● **Required action**
Every line below that holds the string "field" should be copied out.

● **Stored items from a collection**
========================
Lemma lower_bound_le k m (M : R) : (1 <= k)%nat -> (1 <= m)%nat -> 0 <= M ->
  (INR (k + 1) ^ m) ^ 2 <= INR m * (INR k * INR (k + 2)) * M ^ 2 + 1 ->
  lower_bound k m <= M.
Proof.
  intros hk hm hM H. unfold lower_bound.
  set (X := INR (k + 1) ^ m) in *. set (C := INR k * INR (k + 2)) in *.
  assert (HX : 2 <= X).
  { unfold X. replace 2 with (2 ^ 1) by ring. apply Rle_trans with (2 ^ m).
    - apply Rle_pow; [lra|assumption].
    - apply pow_incr. split; [lra|]. apply (le_INR 2). lia. }
  assert (HC : 1 <= C) by exact (one_le_INR_mul_add_2 k hk).
  pose proof (one_le_INR m hm). pose proof PI_ge_3135.
  replace (INR m * PI * INR k * INR (k + 2)) with (PI * (INR m * C)) by (unfold C; ring).
  assert (HD : 0 < PI * (INR m * C)) by (apply Rmult_lt_0_compat; nra).
  apply Rsqr_incr_0_var; [|assumption]. unfold Rsqr.
  replace (X / 2 * sqrt (6 / (PI * (INR m * C))) * (X / 2 * sqrt (6 / (PI * (INR m * C)))))
    with (X * X / 4 * (sqrt (6 / (PI * (INR m * C))) * sqrt (6 / (PI * (INR m * C))))) by field.
  rewrite sqrt_sqrt by (apply Rlt_le, Rdiv_lt_0_compat; lra).
  apply Rmult_le_reg_r with (PI * (INR m * C)); [assumption|].
  replace (X * X / 4 * (6 / (PI * (INR m * C))) * (PI * (INR m * C))) with (3 / 2 * (X * X))
    by (field; lra).
  (* [PI >= 3] and [X ^ 2 >= 2] absorb the factor [3 / 2] and the [+ 1]. *)
  assert (0 <= INR m * C * (M * M)) by (apply Rmult_le_pos; nra).
  nra.
Qed.

Lemma log_le_of_pow_sq_le k m n : (1 <= k)%nat -> (1 <= m)%nat -> (1 <= n)%nat ->
  (INR (k + 1) ^ m) ^ 2 <= INR m * (INR k * INR (k + 2)) * INR n ^ 2 + 1 ->
  2 * INR m * ln (INR (k + 1))
  <= ln 2 + ln (INR m) + ln (INR k * INR (k + 2)) + 2 * ln (INR n).
Proof.
  intros hk hm hn H.
  set (C := INR k * INR (k + 2)) in *.
  assert (HC : 1 <= C) by exact (one_le_INR_mul_add_2 k hk).
  pose proof (one_le_INR m hm). pose proof (one_le_INR n hn).
  assert (HK : 0 < INR (k + 1)) by (apply lt_0_INR; lia).
  assert (Hle : ln ((INR (k + 1) ^ m) ^ 2) <= ln (2 * INR m * C * INR n ^ 2)).
  { apply ln_le; [apply pow_lt, pow_lt; assumption|].
    assert (1 <= INR m * C * INR n ^ 2) by (assert (1 <= INR m * C) by nra; nra). lra. }
  rewrite !ln_mult, !ln_pow in Hle by (try apply pow_lt; nra).
  simpl INR in Hle. lra.
Qed.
========================
● **Response box**
    with (X * X / 4 * (sqrt (6 / (PI * (INR m * C))) * sqrt (6 / (PI * (INR m * C))))) by field.
    by (field; lra).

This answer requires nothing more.